Lemma is_RInt_gen_scale (g : R -> R) L B : 0 < B ->
  is_RInt_gen g (at_right 0) (Rbar_locally p_infty) L ->
  is_RInt_gen (fun t => B * g (B * t)) (at_right 0) (Rbar_locally p_infty) L.
Proof.
  unfold is_RInt_gen, filterlimi, filter_le, filtermapi.
  intros HB H P HP. destruct (H P HP) as [Q R' [eps HQ] [M HR] HQR].
  apply (Filter_prod _ _ _ (fun x => Q (B * x)) (fun y => R' (B * y))).
  - assert (Hpos : 0 < eps / B) by (apply Rdiv_lt_0_compat; [apply cond_pos | auto]).
    exists (mkposreal _ Hpos). intros y Hy Hy0. apply HQ.
    + change (Rabs (B * y - 0) < eps). change (Rabs (y - 0) < eps / B) in Hy.
      rewrite Rminus_0_r, Rabs_pos_eq in * by nra.
      apply (Rmult_lt_compat_l B) in Hy; auto.
      replace (B * (eps / B)) with (pos eps) in Hy by (field; lra). exact Hy.
    + apply Rmult_lt_0_compat; auto.
  - exists (M / B). intros y Hy. apply HR.
    apply (Rmult_lt_compat_l B) in Hy; auto.
    replace (B * (M / B)) with M in Hy by (field; lra). exact Hy.
  - intros x y Hx Hy. destruct (HQR _ _ Hx Hy) as [v [Hv Pv]]. exists v. split; auto.
    simpl in Hv |- *. rewrite <- (Rplus_0_r (B * x)), <- (Rplus_0_r (B * y)) in Hv.
    apply (is_RInt_ext (fun t => scal B (g (B * t + 0)))).
    + intros; rewrite Rplus_0_r; reflexivity.
    + apply (is_RInt_comp_lin g B 0 x y v Hv).
Qed.

Definition gamma_kernel (c t : R) : R := Rpower t (c - 1) * exp (- t).

Lemma gamma_kernel_continuous c x : 0 < x -> continuous (gamma_kernel c) x.
Proof.
  intros Hx. apply (@ex_derive_continuous R_AbsRing R_NormedModule).
  unfold gamma_kernel, Rpower. auto_derive. lra.
Qed.

Lemma gamma_kernel_pos c x : 0 < gamma_kernel c x.
Proof. apply Rmult_lt_0_compat; apply exp_pos. Qed.

Lemma Rpower_le_exp_half d :
  exists K, 0 < K /\ forall t, 1 <= t -> Rpower t d <= K * exp (t / 2).
Proof.
  set (D := Rabs d + 1). assert (HD : 0 < D) by (unfold D; pose proof (Rabs_pos d); lra).
  exists (exp (D * ln (2 * D) - D)). split; [apply exp_pos|].
  intros t Ht. apply Rle_trans with (Rpower t D).
  { apply Rle_Rpower; auto. unfold D. pose proof (Rle_abs d). lra. }
  unfold Rpower. rewrite <- exp_plus. apply exp_le.
  (* [ln u <= u - 1] at [u = t / (2 D)] *)
  assert (H1 := exp_ineq1_le (ln (t / (2 * D)))).
  rewrite exp_ln, ln_div in H1 by (try apply Rdiv_lt_0_compat; lra).
  assert (H2 : D * (1 + (ln t - ln (2 * D))) <= D * (t / (2 * D)))
    by (apply Rmult_le_compat_l; lra).
  replace (D * (t / (2 * D))) with (t / 2) in H2 by (field; lra). nra.
Qed.

Lemma RInt_gamma_kernel_0_1 c x : 0 < c -> 0 < x <= 1 ->
  RInt (gamma_kernel c) x 1 <= 1 / c.
Proof.
  intros Hc Hx.
  assert (HI : is_RInt (fun t => Rpower t (c - 1)) x 1
                 (minus (Rpower 1 c / c) (Rpower x c / c))).
  { apply (@is_RInt_derive R_CompleteNormedModule (fun t => Rpower t c / c));
      intros t Ht; rewrite Rmin_left, Rmax_right in Ht by lra.
    - apply is_derive_Reals.
      replace (Rpower t (c - 1)) with (/ c * (c * Rpower t (c - 1))) by (field; lra).
      apply (derivable_pt_lim_ext (fun t => / c * Rpower t c)); [intros; unfold Rdiv; ring|].
      apply derivable_pt_lim_scal, derivable_pt_lim_power; lra.
    - apply (@ex_derive_continuous R_AbsRing R_NormedModule).
      exists ((c - 1) * Rpower t (c - 1 - 1)).
      apply is_derive_Reals, derivable_pt_lim_power; lra. }
  apply Rle_trans with (RInt (fun t => Rpower t (c - 1)) x 1).
  - apply RInt_le; [lra | | eexists; exact HI |].
    + apply (@ex_RInt_continuous R_CompleteNormedModule). intros z Hz.
      rewrite Rmin_left, Rmax_right in Hz by lra. apply gamma_kernel_continuous; lra.
    + intros t Ht. unfold gamma_kernel. rewrite <- (Rmult_1_r (Rpower t (c - 1))) at 2.
      apply Rmult_le_compat_l; [left; apply exp_pos|].
      rewrite <- exp_0. apply exp_le. lra.
  - rewrite (is_RInt_unique _ _ _ _ HI). change (Rpower 1 c / c - Rpower x c / c <= 1 / c).
    unfold Rpower at 1. rewrite ln_1, Rmult_0_r, exp_0.
    assert (0 < Rpower x c) by apply exp_pos.
    assert (0 < / c) by (apply Rinv_0_lt_compat; lra). unfold Rdiv. nra.
Qed.

Lemma RInt_gamma_kernel_tail c : exists K, forall y, 1 <= y -> RInt (gamma_kernel c) 1 y <= K.
Proof.
  destruct (Rpower_le_exp_half (c - 1)) as [K [HK Hb]].
  exists (2 * K * exp (- (1) / 2)). intros y Hy.
  assert (HI : is_RInt (fun t => K * exp (- t / 2)) 1 y
     (minus (- 2 * K * exp (- y / 2)) (- 2 * K * exp (- (1) / 2)))).
  { apply (@is_RInt_derive R_CompleteNormedModule (fun t => - 2 * K * exp (- t / 2)));
      intros t Ht.
    - auto_derive; auto. unfold Rdiv. field.
    - apply (@ex_derive_continuous R_AbsRing R_NormedModule). auto_derive; auto. }
  apply Rle_trans with (RInt (fun t => K * exp (- t / 2)) 1 y).
  - apply RInt_le; [auto | | eexists; exact HI |].
    + apply (@ex_RInt_continuous R_CompleteNormedModule). intros z Hz.
      rewrite Rmin_left, Rmax_right in Hz by lra. apply gamma_kernel_continuous; lra.
    + intros t Ht. unfold gamma_kernel.
      replace (K * exp (- t / 2)) with (K * exp (t / 2) * exp (- t))
        by (rewrite Rmult_assoc, <- exp_plus; do 2 f_equal; field).
      apply Rmult_le_compat_r; [left; apply exp_pos | apply Hb; lra].
  - rewrite (is_RInt_unique _ _ _ _ HI).
    change (- 2 * K * exp (- y / 2) - - 2 * K * exp (- (1) / 2) <= 2 * K * exp (- (1) / 2)).
    pose proof (exp_pos (- y / 2)). nra.
Qed.

Lemma Gamma_fn_spec c : 0 < c ->
  is_RInt_gen (gamma_kernel c) (at_right 0) (Rbar_locally p_infty) (Gamma_fn c) /\
  forall x y, 0 < x <= y -> RInt (gamma_kernel c) x y <= Gamma_fn c.
Proof.
  intros Hc. destruct (RInt_gamma_kernel_tail c) as [K HK].
  assert (Hcont := gamma_kernel_continuous c).
  assert (Hnn : forall x, 0 < x -> 0 <= gamma_kernel c x)
    by (intros; left; apply gamma_kernel_pos).
  destruct (is_RInt_gen_nonneg_bounded _ Hcont Hnn (1 / c + K)) as [l [Hl Hsup]].
  - intros x y Hxy.
    set (x' := Rmin x 1). set (y' := Rmax y 1).
    assert (Hx' : 0 < x' <= 1) by (split; [apply Rmin_glb_lt; lra | apply Rmin_r]).
    assert (Hy' : 1 <= y') by apply Rmax_r.
    assert (Hmono : RInt (gamma_kernel c) x y <= RInt (gamma_kernel c) x' y')
      by (apply RInt_nonneg_mono; auto; [lra | apply Rmin_l | lra | apply Rmax_l]).
    rewrite <- (RInt_Chasles _ x' 1 y') in Hmono by (apply ex_RInt_pos; auto; lra).
    pose proof (RInt_gamma_kernel_0_1 c x' Hc Hx'). pose proof (HK y' Hy').
    change (RInt (gamma_kernel c) x y <=
            RInt (gamma_kernel c) x' 1 + RInt (gamma_kernel c) 1 y') in Hmono.
    lra.
  - replace (Gamma_fn c) with l; [auto|].
    symmetry. apply int0inf_unique, Hl.
Qed.

Lemma is_RInt_gen_Gamma c : 0 < c ->
  is_RInt_gen (gamma_kernel c) (at_right 0) (Rbar_locally p_infty) (Gamma_fn c).
Proof. intros Hc. apply Gamma_fn_spec, Hc. Qed.

Lemma Gamma_fn_pos c : 0 < c -> 0 < Gamma_fn c.
Proof.
  intros Hc. apply Rlt_le_trans with (RInt (gamma_kernel c) 1 2).
  - apply RInt_gt_0; [lra | intros; apply gamma_kernel_pos |].
    intros; apply gamma_kernel_continuous; lra.
  - apply Gamma_fn_spec; lra.
Qed.

Lemma is_RInt_gen_Gamma_rate c B : 0 < c -> 0 < B ->
  is_RInt_gen (fun t => Rpower t (c - 1) * exp (- (B * t)))
    (at_right 0) (Rbar_locally p_infty) (Gamma_fn c / Rpower B c).
Proof.
  intros Hc HB.
  pose proof (is_RInt_gen_scal _ (/ Rpower B c) _
                (is_RInt_gen_scale _ _ B HB (is_RInt_gen_Gamma c Hc))) as H.
  replace (Gamma_fn c / Rpower B c) with (scal (/ Rpower B c) (Gamma_fn c))
    by (unfold scal; simpl; unfold mult; simpl; unfold Rdiv; ring).
  revert H. apply is_RInt_gen_ext, eventually_on_pos_lt. intros t Ht.
  unfold scal; simpl; unfold mult; simpl. unfold gamma_kernel.
  rewrite <- Rpower_mult_distr by auto.
  replace (Rpower B c) with (B * Rpower B (c - 1))
    by (rewrite <- (Rpower_1 B) at 1 by auto; rewrite <- Rpower_plus; f_equal; ring).
  pose proof (exp_pos ((c - 1) * ln B)). unfold Rpower in *. field. lra.
Qed.

Lemma Rpower_mul_exp_opp_lim_0 c : 0 < c ->
  filterlim (fun t => Rpower t c * exp (- t)) (at_right 0) (locally 0).
Proof.
  intros Hc. apply filterlim_locally. intros eps.
  set (d := Rpower eps (/ c)).
  assert (Hd : 0 < d) by apply exp_pos.
  exists (mkposreal d Hd). intros t Ht Ht0.
  change (Rabs (t - 0) < d) in Ht. rewrite Rminus_0_r, Rabs_pos_eq in Ht by lra.
  change (Rabs (Rpower t c * exp (- t) - 0) < eps).
  rewrite Rminus_0_r, Rabs_pos_eq by (left; apply Rmult_lt_0_compat; apply exp_pos).
  apply Rle_lt_trans with (Rpower t c).
  { rewrite <- (Rmult_1_r (Rpower t c)) at 2.
    apply Rmult_le_compat_l; [left; apply exp_pos|].
    rewrite <- exp_0. apply exp_le. lra. }
  replace (pos eps) with (Rpower d c).
  - apply Rlt_Rpower_l; lra.
  - unfold d. rewrite Rpower_mult, Rinv_l, Rpower_1; [reflexivity | apply cond_pos | lra].
Qed.

Lemma Rpower_mul_exp_opp_lim_infty c :
  filterlim (fun t => Rpower t c * exp (- t)) (Rbar_locally p_infty) (locally 0).
Proof.
  apply filterlim_locally. intros eps. destruct (Rpower_le_exp_half c) as [K [HK Hb]].
  exists (Rmax 1 (-2 * ln (eps / K))). intros t Ht.
  pose proof (Rle_lt_trans _ _ _ (Rmax_l _ _) Ht) as H1.
  pose proof (Rle_lt_trans _ _ _ (Rmax_r _ _) Ht) as H2.
  change (Rabs (Rpower t c * exp (- t) - 0) < eps).
  rewrite Rminus_0_r, Rabs_pos_eq by (left; apply Rmult_lt_0_compat; apply exp_pos).
  apply Rle_lt_trans with (K * exp (t / 2) * exp (- t)).
  { apply Rmult_le_compat_r; [left; apply exp_pos | apply Hb; lra]. }
  rewrite Rmult_assoc, <- exp_plus. replace (t / 2 + - t) with (- t / 2) by field.
  assert (Heps : 0 < eps / K) by (apply Rdiv_lt_0_compat; [apply cond_pos | auto]).
  assert (exp (- t / 2) < eps / K)
    by (rewrite <- (exp_ln (eps / K)) by auto; apply exp_increasing; lra).
  apply (Rmult_lt_compat_l K) in H; auto.
  replace (K * (eps / K)) with (pos eps) in H by (field; lra). exact H.
Qed.

(* Integration by parts: [t^c e^(-t)] has derivative [c t^(c-1) e^(-t) - t^c e^(-t)] and
   vanishes at both ends of the half line. *)
Lemma Gamma_fn_S c : 0 < c -> Gamma_fn (c + 1) = c * Gamma_fn c.
Proof.
  intros Hc.
  set (F := fun t => Rpower t c * exp (- t)).
  set (h := fun t => c * gamma_kernel c t - gamma_kernel (c + 1) t).
  assert (HD : forall t, 0 < t -> is_derive F t (h t)).
  { intros t Ht. unfold F, h, gamma_kernel.
    replace (c + 1 - 1) with c by ring.
    replace (c - 1) with (c + - (1)) by ring.
    rewrite Rpower_plus, Rpower_Ropp, Rpower_1 by auto.
    unfold Rpower. auto_derive; [auto | field; lra]. }
  assert (Hcont : forall t, 0 < t -> continuous (Derive F) t).
  { intros t Ht. apply (continuous_ext_loc _ h).
    - exists (mkposreal t Ht). intros u Hu. change (Rabs (u - t) < t) in Hu.
      symmetry. apply is_derive_unique, HD. apply Rabs_def2 in Hu. lra.
    - apply (@ex_derive_continuous R_AbsRing R_NormedModule).
      unfold h, gamma_kernel, Rpower. auto_derive. lra. }
  pose proof (is_RInt_gen_Derive F 0 0
    (eventually_on_pos_le _ (fun t Ht => ex_intro _ _ (HD t Ht)))
    (eventually_on_pos_le _ Hcont)
    (Rpower_mul_exp_opp_lim_0 c Hc) (Rpower_mul_exp_opp_lim_infty c)) as HR.
  apply (is_RInt_gen_ext _ h) in HR;
    [|apply eventually_on_pos_lt; intros t Ht; apply is_derive_unique, HD; auto].
  pose proof (is_RInt_gen_minus _ _ _ _
    (is_RInt_gen_scal _ c _ (is_RInt_gen_Gamma c Hc))
    (is_RInt_gen_Gamma (c + 1) ltac:(lra))) as Hh.
  apply (is_RInt_gen_ext _ h) in Hh; [|apply eventually_on_pos_lt; reflexivity].
  apply int0inf_unique in HR, Hh.
  unfold minus, plus, opp, scal in Hh; simpl in Hh; unfold mult in Hh; simpl in Hh.
  lra.
Qed.

Lemma Gamma_fn_ratio_rising a k : 0 < a -> Gamma_fn (a + INR k) / Gamma_fn a = rising a k.
Proof.
  intros Ha. pose proof (Gamma_fn_pos a Ha). induction k; simpl rising.
  - rewrite Rplus_0_r. field. lra.
  - rewrite <- IHk, S_INR, <- Rplus_assoc, Gamma_fn_S by (pose proof (pos_INR k); lra).
    field. lra.
Qed.

(** * Negative binomial and negative multinomial moments *)

Lemma is_series_Rext (u v : nat -> R) (lu lv : R) :
  (forall n, u n = v n) -> lu = lv -> is_series u lu -> is_series v lv.
Proof. intros Huv <-. apply is_series_ext, Huv. Qed.

Lemma is_series_Rplus (u v : nat -> R) (lu lv : R) :
  is_series u lu -> is_series v lv -> is_series (fun n => u n + v n) (lu + lv).
Proof. intros Hu Hv. exact (is_series_plus u v lu lv Hu Hv). Qed.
━━━━━━━━━━━━━━━━
■ Instructions for the task: Only the lines holding the word "destruct" belong in the answer; copy them from the listing above.

■ Response to this task:
  intros HB H P HP. destruct (H P HP) as [Q R' [eps HQ] [M HR] HQR].
  - intros x y Hx Hy. destruct (HQR _ _ Hx Hy) as [v [Hv Pv]]. exists v. split; auto.
  destruct (Rpower_le_exp_half (c - 1)) as [K [HK Hb]].
  intros Hc. destruct (RInt_gamma_kernel_tail c) as [K HK].
  destruct (is_RInt_gen_nonneg_bounded _ Hcont Hnn (1 / c + K)) as [l [Hl Hsup]].
  apply filterlim_locally. intros eps. destruct (Rpower_le_exp_half c) as [K [HK Hb]].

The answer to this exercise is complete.